Monday, March 3, 2008

Temporal Classification:Extending the Classification Paradigm to Multivariate Time Series

This paper is basically a part of the much detailed thesis dealing with the Australian Sign Language. They are using two gloves to capture the data and analyze the recognition rate. One of the gloves used is the Nintendo glove and the other is a device called the Flock data. Nintendo is a low cost glove with the cheap sensors and Flock is the complicated superior device. The data obtained is used in their classifier called the Tclass, which looks like a decision Tree type classifier, and using the different parameters of the Tclass results were obtained.

Since the data obtained from the Nintendo glove is noisy they have used smoothening to tune in their results which helped to get better accuracy. In the end they used a voting methodology to get the best learners, similar to the ada boost, to improve the accuracy and decrease the error.

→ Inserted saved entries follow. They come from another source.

(* Let $ABCD$ be a (nondegenerate) rectangle and let $E,F,P,Q$ be points in the same plane. Assume that $h_{BC}(EF)>|AB|$ and $h_{AB}(PQ)>|BC|$. Then $$\mu(ABCDEFPQ)\geq \tfrac{1}{2}\bigl(h_{BC}(EF)-|AB|\bigr)|BC|+\tfrac{1}{2}\bigl(h_{AB}(PQ)-|BC|\bigr)|AB|+|AB||BC|.$$
   Context: For points $K_1,\dots,K_n$ in the plane, $\mu(K_1K_2\cdots K_n)$ denotes the area of the convex hull of $\{K_1,\dots,K_n\}$. For points $A,B$ and distinct points $D,C$, the height $h_{DC}(AB)$ is the distance between the two lines parallel to $DC$ passing through $A$ and through $B$ (i.e. the length of the perpendicular from one of $A,B$ to the parallel of $DC$ through the other). $|XY|$ denotes the length of segment $XY$. *)

(* Points of the plane are pairs (x, y) : R * R
   for an arbitrary R : realType; area = 2-dimensional Lebesgue measure
   (product of Lebesgue measures on R). *)
From mathcomp Require Import all_boot all_order all_algebra.
From mathcomp Require Import all_classical all_reals all_analysis.
Set Implicit Arguments. Unset Strict Implicit. Unset Printing Implicit Defensive.
Import Order.TTheory GRing.Theory Num.Theory.
Local Open Scope classical_set_scope.
Local Open Scope ring_scope.

Definition pt (R : realType) := (R * R)%type.

Definition convex_hull (R : realType) (n : nat) (K : 'I_n -> pt R) : set (pt R) :=
  [set p | exists w : 'I_n -> R,
     (forall i, 0 <= w i) /\ \sum_(i < n) w i = 1 /\
     p = (\sum_(i < n) w i * (K i).1, \sum_(i < n) w i * (K i).2)].

Definition mu (R : realType) (n : nat) (K : 'I_n -> pt R) : \bar R :=
  ((@lebesgue_measure R \x @lebesgue_measure R) (convex_hull K))%E.

Definition dist (R : realType) (X Y : pt R) : R :=
  Num.sqrt ((X.1 - Y.1) ^+ 2 + (X.2 - Y.2) ^+ 2).

(* h_{DC}(AB): distance between the lines parallel to DC through A and through B,
   i.e. the length of the component of B - A orthogonal to C - D. *)
Definition height (R : realType) (D C A B : pt R) : R :=
  `| (C.1 - D.1) * (B.2 - A.2) - (C.2 - D.2) * (B.1 - A.1) | / dist D C.

Definition rectangle (R : realType) (A B C D : pt R) : Prop :=
  A <> B /\ B <> C /\
  (B.1 - A.1) * (C.1 - B.1) + (B.2 - A.2) * (C.2 - B.2) = 0 /\
  D = (A.1 + (C.1 - B.1), A.2 + (C.2 - B.2)).

Definition pts8 (R : realType) (A B C D E F P Q : pt R) : 'I_8 -> pt R :=
  fun i => nth A [:: A; B; C; D; E; F; P; Q] i.

From mathcomp Require Import all_boot all_order all_algebra.
From mathcomp Require Import all_classical all_reals all_analysis.
From mathcomp Require Import ring lra measurable_realfun.
Set Implicit Arguments. Unset Strict Implicit. Unset Printing Implicit Defensive.
Import Order.TTheory GRing.Theory Num.Theory.
Import numFieldNormedType.Exports.
Local Open Scope classical_set_scope.
Local Open Scope ring_scope.

(* Let W and E be points of the family with least and greatest coordinate
   along AB, and S and N those with least and greatest coordinate along BC.
   The convex hull contains the rectangle ABCD and the four caps WAD, EBC, NDC
   and SAB, and these have pairwise disjoint interiors, any two of them being
   separated by a line.  The rectangle and the caps WAD, EBC together span the
   whole width of the family across BC, which is at least h_BC(EF), so
   |AB||BC|/2 + area(WAD) + area(EBC) >= h_BC(EF)|BC|/2; likewise
   |AB||BC|/2 + area(NDC) + area(SAB) >= h_AB(PQ)|AB|/2, and the two add up to
   the claim.  The area of a triangle is bounded below by cutting it with the
   vertical line through its middle vertex into two triangles with a vertical
   side, whose measure is the integral of the lengths of their vertical
   sections. *)

Section PlaneMeasure.
Variable R : realType.
Local Notation plane := (pt R).
Local Notation lambda := (@lebesgue_measure R).
Local Notation lambda2 := (lambda \x lambda)%E.

Definition affine (al be ga : R) (X : plane) : R := al * X.1 + be * X.2 + ga.
Lemma class_act_GS_top_partial_action :
  GS_top_partial_action class_ran class_act.
Proof.
rewrite /class_ran; split.
  move=> s t st; split; first exact/class_dom_sigma/sigma_star.
  move=> p; rewrite starK => -[u us up].
  by rewrite (class_actE us up) (class_actE (sigma_trans us st) up).
split; first by move=> s; exact: discrete_open.
split.
  move=> s p; rewrite starK => -[u us up]; rewrite (class_actE us up).
  have up' : u^*^* * u^* * (u * p) = u * p by rewrite starK mulA isg_regular.
  split; first by exists u^* => //; exact: sigma_star.
  by rewrite (class_actE (sigma_star us) up') mulA.
split; first by move=> s; exact: discrete_within_continuous.
split.
  move=> s t p; rewrite !starK => -[u ut up].
  rewrite (class_actE ut up) => -[v vs vp].
  have vup := dom_mul up vp.
  split; first by exists (v * u) => //; exact: sigma_mul.
  by rewrite (class_actE vs vp) (class_actE (sigma_mul vs ut) vup) mulA.
split.
  move=> s t st p; rewrite !starK => -[u us up]; split.
    by exists u => //; exact: sigma_trans us st.
  by rewrite (class_actE us up) (class_actE (sigma_trans us st) up).
move=> p; exists (p * p^*); split.
  by rewrite (idem_starr p); exact: sigma_refl.
exists (p * p^*)^*; first exact: sigma_refl.
by rewrite starK (star_idem (idem_starr p)) (idem_starr p) isg_regular.
Qed.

With the flock, they did the same thing how ever they found that the smoothening is actually affecting the recognition results as the sensor data is already much refined with almost nil noise.

Discussion:

The have shown that their classifier called the Tclass was able to provide a low error rate, by using the ensemble. They tested their data on Nintendo and Flock and smoothening worked with the Nintendo and not with the flock. I believe,it is because the data from Nintendo is so noisy that the distinguishing features are suppressed by the noise, while in case of the flock data, if we tend to smoothen the refined data accuracy will drop as the distinguishing features associated with the data are smoothened. It would have been nice to read in actual what Tclass is and what it does.I believe the only good thing in the paper was the Tclass classifier which is actually some kind of decision tree based classifier which needs to be investigated.

1 comment:

Paul Taele said...

While the paper didn't really excite me in terms of a recognizer that would be interesting to expand on, it had a lot of interesting informative tidbits. On the other hand, the summary neglects some core details on the TClass itself (I guess that TClass was short for Temporal Classifier). You seem to share the same thoughts. A further read might have to be in order, but with the results compared to existing machine learning techniques, I'm having some doubts. I guess I'm a bit critical on the thesis, but it wasn't a bad piece of work.